There is 1 command that you can find in the bin directory under the top level, called run_beers.py. Calling help on it will show you what is currently possible with it:

./run_beers.py -h
usage: run_beers.py [-h] -c CONFIG [-r RUN_ID] [-d]
                    {expression_pipeline,library_prep_pipeline,sequence_pipeline}
                    ...

BEERS Simulator, Version 2.0

positional arguments:
{expression_pipeline,library_prep_pipeline,sequence_pipeline}
                        pipeline subcommand
    expression_pipeline
                        Run the expression pipeline only
    library_prep_pipeline
                        Run the library prep pipeline only
    sequence_pipeline   Run the sequence pipeline only

optional arguments:
 -h, --help            show this help message and exit

required named arguments:
-c CONFIG, --config CONFIG
                        Full path to configuration file.

optional named arguments - these override configuration file arguments.:
-r RUN_ID, --run_id RUN_ID
                        Integer used to specify run id.
-d, --debug           Indicates whether additional diagnostics are printed.

Of the three subcommands, expression_pipeline, library_prep_pipeline, and sequence_pipeline, the library_prep_pipeline is probably the easiest to run currently.
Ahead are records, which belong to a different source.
Lemma vertex_decomposable_relCF_whiskers U S : [disjoint U & S] ->
  (forall u, inl u \notin U) -> vertex_decomposable (relCF E t U S).
Proof.
elim: {U}_.+1 {-2}U (ltnSn #|U|) S => // n IH U Un S dUS noU.
have [S_CF|S_CF] := boolP (S \in CF t E); last first.
  by rewrite relCF_eq0 //; apply: vdec_simplex; left.
have [/existsP[i iN]|/existsPn allin] :=
  boolP [exists i, whiskers i :&: U :|: S \notin CF t E]; last first.
  rewrite relCF_powerset; first by apply: vdec_simplex; right; exists U.
  by apply: CF_whiskers_setU => // i; rewrite -[_ \in _]negbK allin.
have [X0|[x /setIP[xi xU]]] := set_0Vmem (whiskers i :&: U).
  by rewrite X0 set0U S_CF in iN.
have Ux : #|U :\ x| < n := leq_trans (proper_card (properD1 xU)) Un.
have noUx u : inl u \notin U :\ x by rewrite !inE negb_and noU orbT.
apply: (vertex_decomposable_relCF_step (i := i) dUS xU).
- by rewrite in_block; case: x xi {xU Ux noUx} => // u; rewrite in_whiskers.
- move=> tau; rewrite in_relCF => /andP[_ tauS] _.
  apply/exists_inP; apply: contraR iN => /exists_inPn iU.
  by apply: CF_subset_closed tauS _; apply/setSU/subsetP => w /iU; rewrite negbK.
- exact: IH (disjointD1l _ dUS) noUx.
- exact: IH (disjointD1U1 _ dUS) noUx.
Qed.

Hypothesis W_cover : forall u, exists i, u \in W i.
Hypothesis t_gt0 : 0 < t.

Lemma relCF_missing_whisker i U S u tau : (forall y, inr y \in U :|: S) ->
  u \in W i -> tau \in relCF E t U S -> inl u \in tau ->
  exists2 w, w \in whiskers i :&: U & w \notin tau.
Proof.
move=> allS uW; rewrite in_relCF => /andP[_ tauS] utau.
apply/exists_inP; apply: contraLR tauS => /exists_inPn iU; apply/CFP.
have uiK : inl u |: whiskers i \subset tau :|: S.
  rewrite subUset sub1set inE utau; apply/subsetP => w wi; rewrite in_setU.
  have := wi; rewrite in_whiskers; case: w wi => // y wi _.
  move: (allS y) (iU (inr y)); rewrite !inE wi /= negbK.
  by case/orP => [yU /(_ yU) ->|-> _]; rewrite ?orbT.
move=> /(_ _ uiK); rewrite (cliqueS _ (clique_block i)); last first.
  by rewrite subUset sub1set in_block uW subsetUr.
rewrite cardsU1 card_whiskers in_whiskers add1n prednK //.
by rewrite eqxx => /(_ isT).
Qed.

Lemma vertex_decomposable_relCF U S : [disjoint U & S] ->
  (forall y, inr y \in U :|: S) -> vertex_decomposable (relCF E t U S).
Proof.
elim: {U}_.+1 {-2}U (ltnSn #|U|) S => // n IH U Un S dUS allS.
have [/existsP[u uU]|/existsPn noU] := boolP [exists u, inl u \in U]; last first.
  exact: vertex_decomposable_relCF_whiskers.
have [i uW] := W_cover u.
have Uu : #|U :\ inl u| < n := leq_trans (proper_card (properD1 uU)) Un.
apply: (vertex_decomposable_relCF_step (i := i) dUS uU); first by rewrite in_block.
- by move=> tau; apply: relCF_missing_whisker.
- by apply: IH (disjointD1l _ dUS) _ => // y; move: (allS y); rewrite !inE.
- by apply: IH (disjointD1U1 _ dUS) _ => // y; move: (allS y); rewrite !inE orbCA orbA => ->.
Qed.

End Whiskering.

Theorem theorem4p9 (V : finType) (e : rel V)
    (e_sym : symmetric e) (e_irr : irreflexive e)
    (p : nat) (W : 'I_p -> {set V})
    (hW : clique_vertex_partition e W) (t : nat) (ht : 2 <= t) :
  k_decomposable (t - 2) (CF t (whisker_edge e W t)) /\
  shellable (CF t (whisker_edge e W t)).
Proof.
case: hW => clique_W [_ cover_W].
have W_cover u : exists i, u \in W i.
  have /bigcupP[i _ uWi] : u \in \bigcup_(i < p) W i by rewrite cover_W inE.
  by exists i.
have vdCF : vertex_decomposable (CF t (whisker_edge e W t)).
  rewrite CF_relCF; apply: vertex_decomposable_relCF => //; first exact: ltnW.
    by rewrite -setI_eq0 setI0.
  by move=> y; rewrite !inE.
split; first exact: vertex_decomposable_k_decomposable.
exact: vertex_decomposable_shellable (@CF_subset_closed _ _ _) vdCF.
Qed.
You would run it from the bin directory thus:

./run_beers -r123 -d -c ../config/my_config.json library_prep_pipeline

The run id and the path to the configuration file are both required. The -d is a debug switch. Without it, exception tracebacks will not appear. The library_prep_pipeline currently accepts just one molecule packet which it locates via the configuration file. For example:

"input": {
   "directory_path": "/home/crislawrence/Documents/beers_project/BEERS2.0/data/library_prep",
   "molecule_packet_filename": "molecule_packet_plus_source.pickle"
}

We only have the one packet so it is kind of precious right now. A copy of molecule_packet_plus_source.pickle is available under /projects/itmatlab/for_cris. Feel free to grab it. It has 10K molecules (all polyadenylated) derived from Test_data.1002_baseline.sorted.bam.

I have been using 100 as a seed to get reproducible results, I would suggest others use other seeds to avoid us getting tunnel vision.
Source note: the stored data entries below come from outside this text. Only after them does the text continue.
Lemma dotpZr (x y : V) k : dotp x (k *: y) = k * dotp x y.
Proof. by rewrite !dotpE !mxE; ring. Qed.

Lemma dotp_polar (x y : V) :
  dotp x y = (dotp x x + dotp y y - dotp (x - y) (x - y)) / 2.
Proof. by rewrite !dotpE !mxE; field. Qed.

Lemma dotpp_eq0 (x : V) : dotp x x = 0 -> x = 0.
Proof. by rewrite dotpE => x0; apply: rV3_eq; rewrite mxE; nra. Qed.

Lemma dotpp_neq0 (x : V) : (dotp x x != 0) = (x != 0).
Proof.
apply/idP/idP; apply: contra_neq; first by move=> ->; rewrite dotpE !mxE !mulr0 !addr0.
exact: dotpp_eq0.
Qed.

Lemma sqdistxx (x : V) : sqdist x x = 0.
Proof. by rewrite /sqdist subrr dotpE !mxE !mulr0 !addr0. Qed.

Lemma sqdist_eq0 (x y : V) : sqdist x y = 0 -> x = y.
Proof. by move/dotpp_eq0/eqP; rewrite subr_eq0 => /eqP. Qed.

Lemma dotp_trmx (x y : V) : dotp x y = (x *m y^T) 0 0.
Proof. by rewrite /dotp mxE; apply: eq_bigr => i _; rewrite mxE. Qed.

Lemma dotp_orthogonal (A : 'M[R]_3) (x y : V) : A *m A^T = 1%:M ->
  dotp (x *m A) (y *m A) = dotp x y.
Proof. by move=> oA; rewrite !dotp_trmx trmx_mul mulmxA -(mulmxA x) oA mulmx1. Qed.

Lemma mulmx_rowP (A B : 'M[R]_3) : (forall x : V, x *m A = x *m B) -> A = B.
Proof. by move=> eqAB; apply/row_matrixP => i; rewrite !rowE. Qed.

Lemma isometry_affine (T : V -> V) : Defs.isometry T ->
  exists (A : 'M[R]_3) (b : V), (forall x, T x = x *m A + b) /\ A *m A^T = 1%:M.
Proof.
move=> isoT.
have [U UE] : {U : V -> V | forall x, U x = T x - T 0} by exists (fun x => T x - T 0).
have dotpU x y : dotp (U x) (U y) = dotp x y.
  have := isoT x y; have := isoT x 0; have := isoT y 0.
  rewrite /sqdist !subr0 => Ty Tx Txy.
  rewrite dotp_polar (dotp_polar x y).
  have -> : U x - U y = T x - T y by rewrite !UE opprB addrA subrK.
  by rewrite Txy !UE Tx Ty.
pose e i : V := delta_mx 0 i.
have dotpe x i : dotp x (e i) = x 0 i.
  by rewrite dotpE !mxE; move: i; apply: ord3_ind => /=; ring.
pose A := \matrix_(i < 3, j < 3) U (e i) 0 j.
have mulxA x : x *m A = x 0 i0 *: U (e i0) + x 0 i1 *: U (e i1) + x 0 i2 *: U (e i2).
  by apply: rV3_eq; rewrite !mulmx3E !mxE.
have UA x : U x = x *m A.
  apply/eqP; rewrite -subr_eq0; apply/eqP/dotpp_eq0.
  rewrite mulxA !(dotpBl, dotpBr, dotpDl, dotpDr, dotpZl, dotpZr) !dotpU !dotpe.
  by rewrite ![dotp (e _) x]dotpC !dotpe !mxE /= dotpE; ring.
exists A, (T 0); split; first by move=> x; rewrite -UA UE subrK.
apply/matrixP => i j.
have -> : (A *m A^T) i j = dotp (U (e i)) (U (e j)).
  by rewrite dotp_trmx !mxE; apply: eq_bigr => k _; rewrite !mxE.
by rewrite dotpU dotpe !mxE eq_sym.
Qed.

Lemma affine_inj (A1 A2 : 'M[R]_3) (b1 b2 : V) :
  (forall x, x *m A1 + b1 = x *m A2 + b2) -> A1 = A2 /\ b1 = b2.
Proof.
move=> eq12; have b12 : b1 = b2 by have := eq12 0; rewrite !mul0mx !add0r.
by split=> //; apply: mulmx_rowP => x; apply: (@addIr _ b1); rewrite {2}b12.
Qed.

Lemma isometry_affine_orthogonal (T : V -> V) (A : 'M[R]_3) (b : V) :
  Defs.isometry T -> (forall x, T x = x *m A + b) -> A *m A^T = 1%:M.
Proof.
move=> /isometry_affine [A' [b' [TE' oA']]] TE.
by have [-> _] := @affine_inj A A' b b' (fun x => etrans (esym (TE x)) (TE' x)).
Qed.

Lemma planar_affine_agree (C : set V) (A1 A2 : 'M[R]_3) (b1 b2 : V) : A1 != A2 ->
  (forall x, C x -> x *m A1 + b1 = x *m A2 + b2) -> planar C.
Proof.
move=> /eqP neqA eqC.
have [i [j neq_ij]] : exists i j, A1 i j != A2 i j.
  apply/not_existsP => eqA; apply/neqA/matrixP => i j.
  by apply/eqP/negP => neq; apply: (eqA i); exists j; apply/negP.
exists (\row_k (A1 k j - A2 k j)), ((b2 - b1) 0 j); split.
  apply/eqP => /(congr1 (fun m : V => m 0 i)) /eqP.
  by rewrite !mxE subr_eq0 (negbTE neq_ij).
move=> x /eqC /(congr1 (fun m : V => m 0 j)).
by rewrite !(mulmx3E, mxE) dotpE !mxE => ?; lra.
Qed.

Lemma orientation_reversing_neq_id (T : V -> V) : orientation_reversing T -> T <> id.
Proof.
move=> [A [b [detA TE]]] Tid.
have [A1 _] : A = 1%:M /\ b = 0 by apply: affine_inj => x; rewrite -TE Tid mulmx1 addr0.
by move: detA; rewrite A1 det1 ltr10.
Qed.

Lemma isometry_orientation (T : V -> V) : Defs.isometry T ->
  orientation_preserving T \/ orientation_reversing T.
Proof.
move=> /isometry_affine [A [b [TE oA]]].
have detA2 : \det A * \det A = 1.
  by rewrite -{2}det_tr -det_mulmx oA det1.
have [detA_gt0|detA_le0] := ltrP 0 (\det A).
  by left; exists A, b.
right; exists A, b; split => //; rewrite lt_neqAle detA_le0 andbT.
by apply/eqP => detA0; move: detA2; rewrite detA0 mul0r => /eqP; rewrite eq_sym oner_eq0.
Qed.

Lemma orientation_reversing_comp (T S : V -> V) :
  orientation_reversing T -> orientation_reversing S -> orientation_preserving (T \o S).
Proof.
move=> [A [b [detA TE]]] [B [d [detB SE]]]; exists (B *m A), (d *m A + b); split.
  by rewrite det_mulmx -mulrNN mulr_gt0 // oppr_gt0.
by move=> x; rewrite /= SE TE mulmxDl mulmxA addrA.
Qed.

Lemma symmetry_comp_fixing (C : set V) (T S : V -> V) :
  symmetry_of C T -> nontrivial_on C T -> Defs.isometry S -> (forall x, C x -> S x = x) ->
  symmetry_of C (T \o S).
Proof.
move=> [isoT _ TC] [x Cx Tx] isoS fixS; split.
- by move=> y z; rewrite /= isoT isoS.
- by move=> /(congr1 (fun f => f x)); rewrite /= fixS.
- by rewrite -[RHS]TC; apply: eq_imagel => y Cy; rewrite /= fixS.
Qed.

Definition reflection (n : V) : 'M[R]_3 := 1%:M - (2 / dotp n n) *: (n^T *m n).

Lemma reflection_coef (n : V) i j :
  reflection n i j = (i == j)%:R - 2 / dotp n n * (n 0 i * n 0 j).
Proof. by rewrite !mxE big_ord1 !mxE. Qed.

Lemma reflectionE (n x : V) : x *m reflection n = x - (2 / dotp n n * dotp x n) *: n.
Proof.
(* [t] keeps the normalising factor out of reach of [dotpE] *)
apply: rV3_eq; rewrite !mulmx3E !reflection_coef; set t := 2 / dotp n n;
  by rewrite dotpE !mxE /=; ring.
Qed.

Lemma reflection_fix (n x : V) : dotp x n = 0 -> x *m reflection n = x.
Proof. by move=> xn; rewrite reflectionE xn mulr0 scale0r subr0. Qed.

Lemma reflection_normal (n : V) : n != 0 -> n *m reflection n = - n.
Proof.
rewrite -dotpp_neq0 => nn0; rewrite reflectionE divfK //.
by apply: rV3_eq; rewrite !mxE; ring.
Qed.

Lemma dotpp_reflection (n x : V) : n != 0 ->
  dotp (x *m reflection n) (x *m reflection n) = dotp x x.
Proof.
rewrite -dotpp_neq0 => nn0.
rewrite reflectionE !(dotpBl, dotpBr, dotpZl, dotpZr) (dotpC n x).
by field.
Qed.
One can use the molecule_packet output from the library prep pipeline as input for the sequence pipeline but again, you will need to tell the sequence pipeline where to find it via the configuration file, For example:

"input": {
    "directory_path": "/home/crislawrence/Documents/beers_project/BEERS2.0/data/library_prep/output",
    "molecule_packet_filename": "final_output.pickle"
}

Running the pipeline one stage at a time is a bit inconvenient presently. We have yet to write the stages together into a complete pipeline.
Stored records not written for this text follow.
(* For every positive integer $T$ divisible by $4$, \[\sum_{t=1}^{T/4}\big(T-4(t-1)\big)\binom{T+1}{2t-1}=2^{T-1}+\frac T2\binom{T}{T/2}.\] *)

From mathcomp Require Import all_boot.

From mathcomp Require Import all_boot.
From mathcomp Require Import zify.

(* Write T = n = 4m. By the absorption identities the weight n - 4s of C(n+1, 2s+1) splits as
   (n+1) (C(n, 2s+1) - C(n, 2s)) + C(n+1, 2s+1). Summed over s < m, the first part is an
   alternating partial sum, equal to (n+1) C(n-1, 2m-1) = (n+1)/2 C(n, 2m); the second is the
   sum of the C(n, j) over j < 2m, which by symmetry is (2^n - C(n, 2m))/2. *)

Lemma sum_bin n : \sum_(i < n.+1) 'C(n, i) = 2 ^ n.
Proof. by rewrite -[2]/(1 + 1) expnDn; apply: eq_bigr => i _; rewrite !exp1n !muln1. Qed.

Lemma sum_bin_lt_half k : 2 * \sum_(j < k) 'C(2 * k, j) + 'C(2 * k, k) = 2 ^ (2 * k).
Proof.
rewrite -sum_bin.
have -> : (2 * k).+1 = k + k.+1 by lia.
rewrite big_split_ord big_ord_recl /= addn0.
have -> : \sum_(i < k) 'C(2 * k, k + bump 0 i) = \sum_(j < k) 'C(2 * k, j).
  rewrite (reindex_inj rev_ord_inj); apply: eq_bigr => i _ /=.
  rewrite -(bin_sub (n := 2 * k) (m := i)); last by have := ltn_ord i; lia.
  congr 'C(_, _); rewrite /bump /=; have := ltn_ord i; lia.
by rewrite addnCA mul2n -addnn addnC.
Qed.

Lemma sum_even_odd (F : nat -> nat) M :
  \sum_(j < 2 * M) F j = \sum_(s < M) (F (2 * s) + F (2 * s).+1).
Proof.
elim: M => [|M IH]; first by rewrite muln0 !big_ord0.
by rewrite mulnS add2n !big_ord_recr /= IH addnA.
Qed.

Lemma sum_bin_odd_even n M :
  \sum_(s < M.+1) 'C(n.+1, (2 * s).+1)
  = \sum_(s < M.+1) 'C(n.+1, 2 * s) + 'C(n, (2 * M).+1).
Proof.
elim: M => [|M IH]; first by rewrite !big_ord1 muln0 bin0 !bin1.
rewrite big_ord_recr [in RHS]big_ord_recr /= IH mulnS add2n !binS -!addnA.
by congr (_ + _); lia.
Qed.

Lemma bin_central_succ k : 'C((2 * k).+2, k.+1) = 2 * 'C((2 * k).+1, k).
Proof.
have sym : 'C((2 * k).+1, k.+1) = 'C((2 * k).+1, k).
  rewrite -[LHS](bin_sub (n := (2 * k).+1) (m := k.+1)); last lia.
  congr binomial; lia.
by rewrite binS sym addnn -mul2n.
Qed.

Lemma mul_bin_sub_double n k : 2 * k <= n ->
  (n - 2 * k) * 'C(n.+1, k.+1) + n.+1 * 'C(n, k)
  = n.+1 * 'C(n, k.+1) + 'C(n.+1, k.+1).
Proof.
move=> le2kn.
have down : n.+1 * 'C(n, k.+1) = (n - k) * 'C(n.+1, k.+1) := mul_bin_down n.+1 k.+1.
have diag : n.+1 * 'C(n, k) = k.+1 * 'C(n.+1, k.+1) := mul_bin_diag n.+1 k.
rewrite down diag -[X in _ = _ + X]mul1n -!mulnDl; congr (_ * _); lia.
Qed.

Lemma sum_weighted_odd_bin m : 0 < m ->
  \sum_(s < m) (4 * m - 4 * s) * 'C((4 * m).+1, (2 * s).+1)
  = 2 ^ (4 * m).-1 + 2 * m * 'C(4 * m, 2 * m).
Proof.
case: m => // p _; set n := 4 * p.+1; set S := \sum_(s < p.+1) _.
set E := \sum_(s < p.+1) 'C(n, 2 * s); set O := \sum_(s < p.+1) 'C(n, (2 * s).+1).
have n_eq : n = (2 * (2 * p).+1).+2 by rewrite /n; lia.
have weights : S + n.+1 * E = n.+1 * O + (O + E).
  rewrite /S /E /O !big_distrr -!big_split /=; apply: eq_bigr => s _.
  rewrite -binS -mul_bin_sub_double; last by have := ltn_ord s; lia.
  congr (_ * _ + _); lia.
have total : 2 * (E + O) + 'C(n, 2 * p.+1) = 2 ^ n.
  have := sum_bin_lt_half (2 * p.+1); rewrite mulnA -/n sum_even_odd => <-.
  by rewrite /E /O -big_split.
have alternating : O = E + 'C((2 * (2 * p).+1).+1, (2 * p).+1).
  by rewrite /O /E n_eq; apply: sum_bin_odd_even.
have middle : 'C(n, 2 * p.+1) = 2 * 'C((2 * (2 * p).+1).+1, (2 * p).+1).
  by rewrite [2 * p.+1]mulnS n_eq; apply: bin_central_succ.
have halve : 2 ^ n = 2 * 2 ^ n.-1 by rewrite -expnS.
move: weights total; rewrite halve middle alternating /n; nia.
Qed.

Theorem lemma8 (T : nat) (hT : 0 < T) (h4 : 4 %| T) :
  \sum_(1 <= t < (T %/ 4).+1) (T - 4 * (t - 1)) * 'C(T.+1, (2 * t).-1)
  = 2 ^ (T - 1) + (T %/ 2) * 'C(T, T %/ 2).
Proof.
case/dvdnP: h4 hT => m ->; rewrite [m * 4]mulnC muln_gt0 => /andP[_ m_gt0].
have half : 4 * m %/ 2 = 2 * m by rewrite -[4]/(2 * 2) -mulnA mulKn.
rewrite mulKn // half (big_addn 0 _ 1) !subn1 /= big_mkord.
rewrite -sum_weighted_odd_bin //; apply: eq_bigr => s _.
rewrite addnK; congr (_ * 'C(_, _)); lia.
Qed.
The expression pipeline is more difficult to use as it requires the reference genome and the pair of alignment files presently (bam and bai) and really only runs the variants finder portion of the pipeline. I threw in a BeagleStep that will eventually call the Beagle process. For now, I put my own Java program as a parameter to that step so I’d have something to run. You can add your own external process as a placemarker for now, if you like.

Requirements for Users

If the user chooses to supply his/her own reference genome, it should be edited so that a sequence contains no line breaks.

If the user declines to provide gender for each sample, the sample will not have X,Y, MT data. If the user neglects to provide gender for just some of the samples, X,Y,MT data will be generated for those samples that have gender and a warning will be issued to the user.